Virtually everyone I have spoken with agrees 2020 was a terrible year. We all want to make certain 2021 is better. The problem is that a lot of things are out of our control.
A small thing we can control during 2021 is to use the correct words and phrases when we prepare resumes and job search correspondence. Grammar checkers and spellcheckers miss things. Even worse, they are sometimes wrong.
Here are 10 examples of words and phrases that I’ve seen job seekers get wrong, or that have been discussed in blog posts about incorrect usage.
1. Principal vs. Principle
This is the first word-pair that comes to mind when I think about incorrectly used words because one of my first executive-level clients had the job title Elementary School Principal. I was certain that Helene was using the correct word because she was a school principal for 30 years, but I checked with Google anyway.
“Principal” is the head of a school. A principal can also be in charge of something specific in an organization, such as a principal economist. A principle, on the other hand, is a first rule. One way to think about it is that the School Principal sets down the school’s guiding principle.
You will not get this wrong if you are a school principal, or principal investigator on a research team. Nonetheless it’s worth keeping this one in mind.

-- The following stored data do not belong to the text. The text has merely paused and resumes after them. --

(* Let $p$ be a prime, let $e\geq2$ and $d\geq2$ be integers, let $\lambda\in\{1,\dots,\min(e,d-1)\}$, and let $\alpha=(\alpha_1,\dots,\alpha_d)\in\mathcal R_\lambda(d,e)$ with $\mu=\mu(\alpha)$. Let $\mathcal P(p^e,d)\subset\mathbb R^d$ be the convex hull of all $d$-dimensional vector-factorisations of $p^e$. Then the inequality $$\sum_{i=1}^dp^{\alpha_i} x_i\geq\lambda p^{\mu+1}+(d-\lambda)p^\mu$$ holds with equality on every element of the set $$S_\alpha=\Big\{(p^{\mu-\alpha_1+\epsilon_1},\dots,p^{\mu-\alpha_d+\epsilon_d})\ :\ (\epsilon_1,\dots,\epsilon_d)\in\{0,1\}^d,\ \textstyle\sum_i\epsilon_i=\lambda\Big\},$$ which is a set of vertices of $\mathcal P(p^e,d)$. The convex hull of $S_\alpha$ is a facet of $\mathcal P(p^e,d)$ which is affinely equivalent to the $(d-1)$-dimensional hypersimplex $\Delta(\lambda)$.
   Context: $\mathbb N=\{0,1,2,\dots\}$. A $d$-dimensional vector-factorisation of $N\geq1$ is a vector $(v_1,\dots,v_d)\in\mathbb N^d$ with $v_1\cdots v_d=N$. $\mathcal R_\lambda(d,e)$ is the set of all $\alpha\in\mathbb N^d$ with $\min(\alpha_1,\dots,\alpha_d)=0$, $\max(\alpha_1,\dots,\alpha_d)\,d<e+\sum_i\alpha_i$ and $e+\sum_i\alpha_i\equiv\lambda\pmod d$; for such $\alpha$, $\mu(\alpha)$ is the integer with $\mu(\alpha)d+\lambda=e+\sum_i\alpha_i$. $\Delta(\lambda)=\mathrm{Conv}\{\epsilon\in\{0,1\}^d:\sum_i\epsilon_i=\lambda\}$ is the hypersimplex of parameter $\lambda$. *)

From HB Require Import structures.
From mathcomp Require Import all_boot all_order all_algebra.
From mathcomp Require Import reals.
Unset Printing Implicit Defensive.
Import Order.TTheory GRing.Theory Num.Theory.
Local Open Scope ring_scope.

Section Defs.
Variable R : realType.
Variable d : nat.

Definition pset := 'rV[R]_d -> Prop.

Definition dotv (c x : 'rV[R]_d) : R := \sum_(i < d) c 0 i * x 0 i.

Definition conv (S : pset) : pset := fun x =>
  exists n (w : 'I_n -> R) (q : 'I_n -> 'rV[R]_d),
    (forall i, S (q i)) /\ (forall i, 0 <= w i) /\
    \sum_(i < n) w i = 1 /\ x = \sum_(i < n) w i *: q i.

Definition aff_indep k (pts : 'I_k.+1 -> 'rV[R]_d) : Prop :=
  \rank (\matrix_(i < k) (pts (lift ord0 i) - pts ord0)) = k.

Definition affdim (S : pset) (k : nat) : Prop :=
  (exists pts : 'I_k.+1 -> 'rV[R]_d, (forall i, S (pts i)) /\ aff_indep k pts) /\
  (forall pts : 'I_k.+2 -> 'rV[R]_d, (forall i, S (pts i)) -> ~ aff_indep k.+1 pts).

Definition is_face (P F : pset) : Prop :=
  exists (c : 'rV[R]_d) (b : R),
    (forall x, P x -> b <= dotv c x) /\
    (forall x, F x <-> (P x /\ dotv c x = b)).

Definition is_vertex (P : pset) (v : 'rV[R]_d) : Prop :=
  is_face P (fun x => x = v).

Definition is_facet (P F : pset) : Prop :=
  is_face P F /\ exists k, affdim P k.+1 /\ affdim F k.

Definition aff_equiv (A B : pset) : Prop :=
  exists (M : 'M[R]_d) (t : 'rV[R]_d), M \in unitmx /\
    forall x, A x <-> B (x *m M + t).

Definition factorisations (N : nat) : pset := fun x =>
  exists v : 'I_d -> nat, \prod_(i < d) v i = N /\ x = \row_i (v i)%:R.

Definition factPolytope (N : nat) : pset := conv (factorisations N).

Definition hypersimplex (lam : nat) : pset :=
  conv (fun x => exists eps : 'I_d -> bool,
          \sum_(i < d) (eps i : nat) = lam /\ x = \row_i (eps i)%:R).

End Defs.

Definition in_Rset (lam d e : nat) (alpha : 'I_d -> nat) : Prop :=
  (exists i, alpha i = 0%N) /\
  ((\max_(i < d) alpha i) * d < e + \sum_(i < d) alpha i)%N /\
  (e + \sum_(i < d) alpha i = lam %[mod d])%N.

(* mu(alpha): mu * d + lambda = e + sum alpha *)
Definition mu_of (lam d e : nat) (alpha : 'I_d -> nat) : nat :=
  ((e + \sum_(i < d) alpha i - lam) %/ d)%N.

Definition S_alpha (R : realType) (p d mu lam : nat) (alpha : 'I_d -> nat)
  : pset R d := fun x =>
  exists eps : 'I_d -> bool, \sum_(i < d) (eps i : nat) = lam /\
    x = \row_i ((p%:R : R) ^ ((mu%:Z - (alpha i)%:Z + (eps i : nat)%:Z)%R)).

(* Write a factorisation of [p^e] as [(p^a_1, ..., p^a_d)] with [sum_i a_i = e].
   Then [sum_i p^alpha_i x_i = sum_i p^n_i] with [n_i = alpha_i + a_i] and
   [sum_i n_i = mu d + lambda].  By convexity of [n |-> p^n], each [p^n_i] lies
   above the secant through [mu] and [mu + 1]; summing gives the inequality, with
   equality exactly when every [n_i] is [mu] or [mu + 1], i.e. on [S_alpha].
   Each point of [S_alpha] is cut out alone by a similar inequality with weights
   [p^(alpha_i + 1 - eps_i)].  The diagonal affine map
   [x_i |-> (p^(alpha_i - mu) x_i - 1) / (p - 1)] sends [S_alpha] onto the
   vertices of the hypersimplex; [d + 1] affinely independent factorisations and
   [d] affinely independent points of [S_alpha] show that the face is a facet. *)

From HB Require Import structures.
From mathcomp Require Import all_boot all_order all_algebra perm.
From mathcomp Require Import reals.
From mathcomp Require Import ring lra zify.
Import Order.TTheory GRing.Theory Num.Theory.
Local Open Scope ring_scope.

Section ConvexHull.
Context {R : realType} {d : nat}.
Implicit Types (G H Q : pset R d) (c q x y t : 'rV[R]_d) (b : R) (M : 'M[R]_d).
Local Notation conv := (conv R d).
Local Notation dotv := (dotv R d).

Lemma dotvB c x y : dotv c (x - y) = dotv c x - dotv c y.
Proof. by rewrite /dotv -sumrB; apply: eq_bigr => i _; rewrite !mxE mulrBr. Qed.

Lemma dotv_convex c b n (w : 'I_n -> R) (q : 'I_n -> 'rV[R]_d) :
  \sum_i w i = 1 ->
  dotv c (\sum_i w i *: q i) - b = \sum_i w i * (dotv c (q i) - b).
Proof.
move=> w1; under [RHS]eq_bigr => i _ do rewrite mulrBr.
rewrite sumrB -mulr_suml w1 mul1r; congr (_ - _); rewrite /dotv.
under eq_bigr => j _ do rewrite summxE mulr_sumr.
rewrite exchange_big /=; apply: eq_bigr => i _; rewrite mulr_sumr.
by apply: eq_bigr => j _; rewrite mxE mulrCA.
Qed.

Lemma conv_sub G H : (forall q, G q -> H q) -> forall x, conv G x -> conv H x.
Proof.
move=> GH x [n [w [q [Gq [w0 [w1 ->]]]]]].
by exists n, w, q; split => // i; apply: GH.
Qed.

Lemma conv_mem G q : G q -> conv G q.
Proof.
move=> Gq; exists 1%N, (fun _ => 1), (fun _ => q).
by rewrite !big_ord1 scale1r; do !split=> //; apply: ler01.
Qed.

Lemma conv1 x y : conv (eq^~ y) x <-> x = y.
Proof.
split=> [[n [w [q [qy [_ [w1 ->]]]]]]|->]; last exact: conv_mem.
by under eq_bigr => i _ do rewrite qy; rewrite -scaler_suml w1 scale1r.
Qed.

Lemma conv_dotv_ge G c b :
  (forall q, G q -> b <= dotv c q) -> forall x, conv G x -> b <= dotv c x.
Proof.
move=> Gb x [n [w [q [Gq [w0 [w1 ->]]]]]].
rewrite -subr_ge0 dotv_convex //; apply: sumr_ge0 => i _.
by rewrite mulr_ge0 // subr_ge0 Gb.
Qed.

Lemma conv_dotv_eq G c b :
  (forall q, G q -> dotv c q = b) -> forall x, conv G x -> dotv c x = b.
Proof.
move=> Gb x [n [w [q [Gq [w0 [w1 ->]]]]]].
apply/eqP; rewrite -subr_eq0 dotv_convex //; apply/eqP.
by apply: big1 => i _; rewrite Gb // subrr mulr0.
Qed.

(* A convex combination of points of [G] on the supporting hyperplane only
   uses, with nonzero weight, points of [Q]; the others can be swapped for
   any point of [Q]. *)
Lemma is_face_conv G Q c b :
  (forall q, G q -> b <= dotv c q) ->
  (forall q, Q q <-> G q /\ dotv c q = b) -> (exists q, Q q) ->
  is_face R d (conv G) (conv Q).
Proof.
move=> Gb QG [q0 Qq0]; exists c, b; split; first exact: conv_dotv_ge.
move=> x; split=> [Qx|[[n [w [q [Gq [w0 [w1 ->]]]]]] xb]].
  split; first by apply: conv_sub Qx => q /QG [].
  by apply: conv_dotv_eq Qx => q /QG [].
have tight i : w i * (dotv c (q i) - b) = 0.
  have ge0 j : 0 <= w j * (dotv c (q j) - b) by rewrite mulr_ge0 ?subr_ge0 ?Gb.
  have sum0 : \sum_j w j * (dotv c (q j) - b) = 0 by rewrite -dotv_convex // xb subrr.
  exact: (psumr_eq0P (fun j _ => ge0 j) sum0).
exists n, w, (fun i => if w i == 0 then q0 else q i); split.
  move=> i; case: eqP => [_ //|/eqP wi0]; apply/QG; split => //.
  by apply/eqP; move/eqP: (tight i); rewrite mulf_eq0 (negbTE wi0) subr_eq0.
split => //; split => //; apply: eq_bigr => i _.
by case: eqP => // ->; rewrite !scale0r.
Qed.

Lemma is_face_ext G F F' :
  (forall x, F x <-> F' x) -> is_face R d G F -> is_face R d G F'.
Proof.
move=> FF' [c [b [Gb GF]]]; exists c, b; split => // x.
by rewrite -FF'; apply: GF.
Qed.

Lemma conv_affine G H M t :
  (forall q, G q -> H (q *m M + t)) -> forall x, conv G x -> conv H (x *m M + t).
Proof.
move=> GH x [n [w [q [Gq [w0 [w1 ->]]]]]].
exists n, w, (fun i => q i *m M + t); split; first by move=> i; apply: GH.
split => //; split => //.
rewrite mulmx_suml -{1}[t]scale1r -w1 scaler_suml -big_split /=.
by apply: eq_bigr => i _; rewrite scalerDr scalemxAl.
Qed.

Lemma aff_equiv_conv_image G H M t : M \in unitmx ->
  (forall x, G x <-> exists2 y, H y & x = y *m M + t) ->
  aff_equiv R d (conv G) (conv H).
Proof.
move=> uM GH; set N := invmx M; set s := - (t *m N).
have inv y : (y *m M + t) *m N + s = y.
  by rewrite mulmxDl -mulmxA mulmxV // mulmx1 addrK.
have inv' x : (x *m N + s) *m M + t = x.
  by rewrite mulmxDl -mulmxA mulVmx // mulmx1 /s mulNmx -mulmxA mulVmx // mulmx1 subrK.
exists N, s; split; first by rewrite unitmx_inv.
move=> x; split.
  by apply: conv_affine => q /GH [y Hy ->]; rewrite inv.
by move=> Hx; rewrite -[x]inv'; apply: conv_affine Hx => q Hq; apply/GH; exists q.
Qed.

End ConvexHull.

Section AffineIndependence.
Context {R : realType} {d : nat}.
Implicit Types (c t : 'rV[R]_d) (M : 'M[R]_d).

Lemma rank_upper_trig k n (A : 'M[R]_(k, n)) (B : 'M[R]_(n, k)) :
  (forall i j : 'I_k, (j < i)%N -> (A *m B) i j = 0) ->
  (forall i, (A *m B) i i != 0) -> \rank A = k.
Proof.
move=> upper diag; apply/eqP; rewrite eqn_leq rank_leq_row /=.
have uAB : A *m B \in unitmx.
  rewrite -unitmx_tr unitmxE det_trig ?unitfE; first by apply/prodf_neq0 => i _; rewrite mxE.
  by apply/is_trig_mxP => i j ij; rewrite mxE upper.
by rewrite -{1}(mxrank_unit uAB) mxrankM_maxl.
Qed.

Definition with_base {k} (q0 : 'rV[R]_d) (f : 'I_k -> 'rV[R]_d) (i : 'I_k.+1) :=
  if unlift ord0 i is Some j then f j else q0.

Lemma aff_indep_with_base k (q0 : 'rV[R]_d) (f : 'I_k -> 'rV[R]_d) :
  \rank (\matrix_(i < k) (f i - q0)) = k -> aff_indep R d k (with_base q0 f).
Proof.
rewrite /aff_indep => rk; rewrite -[RHS]rk; congr (\rank _); apply/row_matrixP => i.
by rewrite !rowK /with_base liftK unlift_none.
Qed.

Lemma aff_indep_affine k (pts : 'I_k.+1 -> 'rV[R]_d) M t : M \in unitmx ->
  aff_indep R d k pts -> aff_indep R d k (fun i => pts i *m M + t).
Proof.
rewrite /aff_indep -row_free_unit => /mxrankMfree fM rk.
rewrite -[RHS]rk -(fM _ (\matrix_i (pts (lift ord0 i) - pts ord0))); congr (\rank _).
by apply/row_matrixP => i; rewrite row_mul !rowK mulmxBl opprD addrACA subrr addr0.
Qed.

2. The accountant does not do “trail balances.”
About 15 years ago, I watched a presentation of cover letter bloopers a recruiter gave at a popular lecture series for job-seekers in Manhattan. A junior accountant’s cover letter wound up in the recruiter’s slide deck because he included “preparing trail balances” as part of his skillset. Accountants do “trial balances.”
This does not really qualify as a misused word error—it’s a typo your spellchecker will not catch because “trial” and “trail” are valid words.
3. Has our job posting peaked your interest?
Your job announcement piqued my interest. A peak is a topmost point, as in a mountain peak. Pique, on the other hand, is to upset or excite. So the job lead should have excited, or piqued my interest.
4. Are you making due or making do with the situation?
Christina DesMarais, in an Inc. blog post, pointed out that this is another confusing idiomatic expression. “Make do is the proper way to say that you’re going to get along with what you have.” The word “due” means “owed,” so this is not the meaning you are trying to convey. If the result of your work was that the agency could “make do with its current case management system, instead of acquiring a new system” that is the way you should write the statement.
5. Are you stationary when you write a note on your stationery?
My wife proofed a resume with me a few weeks ago and suggested I check whether I was using the word “stationery” correctly. Spellcheck accepts both. Dictionary.com quickly confirmed that stationery is “writing materials, as pens, pencils, paper, and envelopes.” Stationary refers to standing still.
6. Wear a costume when this is the custom.
Resumes have crossed my screen over the years with the words “costume” and “custom” confused, although they look like very different words to me. Like many confused words, both pass the spellcheck test.
7. Did you whet your appetite or did you wet your appetite?
According to Christina’s post. whet means to “sharpen,” so you are saying something sharpened your appetite. So “whet,” rather than wet is the correct word to use. For example, one of my early cover letters when I graduated college said that “my internship reviewing a program at Budget and Credit Counseling Service whet my appetite for doing program evaluation.” (I got the job.)
8. Our general counsel is chairperson of the Diversity Council.
It is unlikely you will confuse the words “council” or “counsel” if you work in a general counsel’s office or serve on a diversity council. Nonetheless, I have occasionally felt the need to clarify whether an entry-level job seeker I was speaking to worked in a counselor’s office, or worked for a council of some sort. Sometimes the answer is that they worked for a counselor that sat on a council.
9. Am I a shoo-in for this job, or am I a shoe-in?
According to the Inc. article, “you are urging something in a certain direction when you ‘shoo’ something” so shoo is the correct word. You probably feel the job fits you like a shoe, but it is not considered correct usage to write that you are a “shoe-in.” As a cover letter writer, I feel that stating “I am a shoo-in for your open position” would be too informal, and perhaps expresses overconfidence.
10. Should I take the express into Manhattan to have an expresso with you?
We will start emailing and texting our industry contacts to invite them for meetings in a coffee shop where we can have espresso with them when the Pandemic ends. The correct word, according to Grammar.com, is “espresso,” even though my MS-Word spellchecker accepts “expresso.”
Supervisors and managers have always told me they value team members that speak and write well, so start off “on the right foot” when you send informal texts and notes. If you are still not certain I am correct, invite your contacts for a coffee meeting.
There are probably hundreds, if not thousands, of confusing words and phrases in the English language, so Google the word if you are not sure.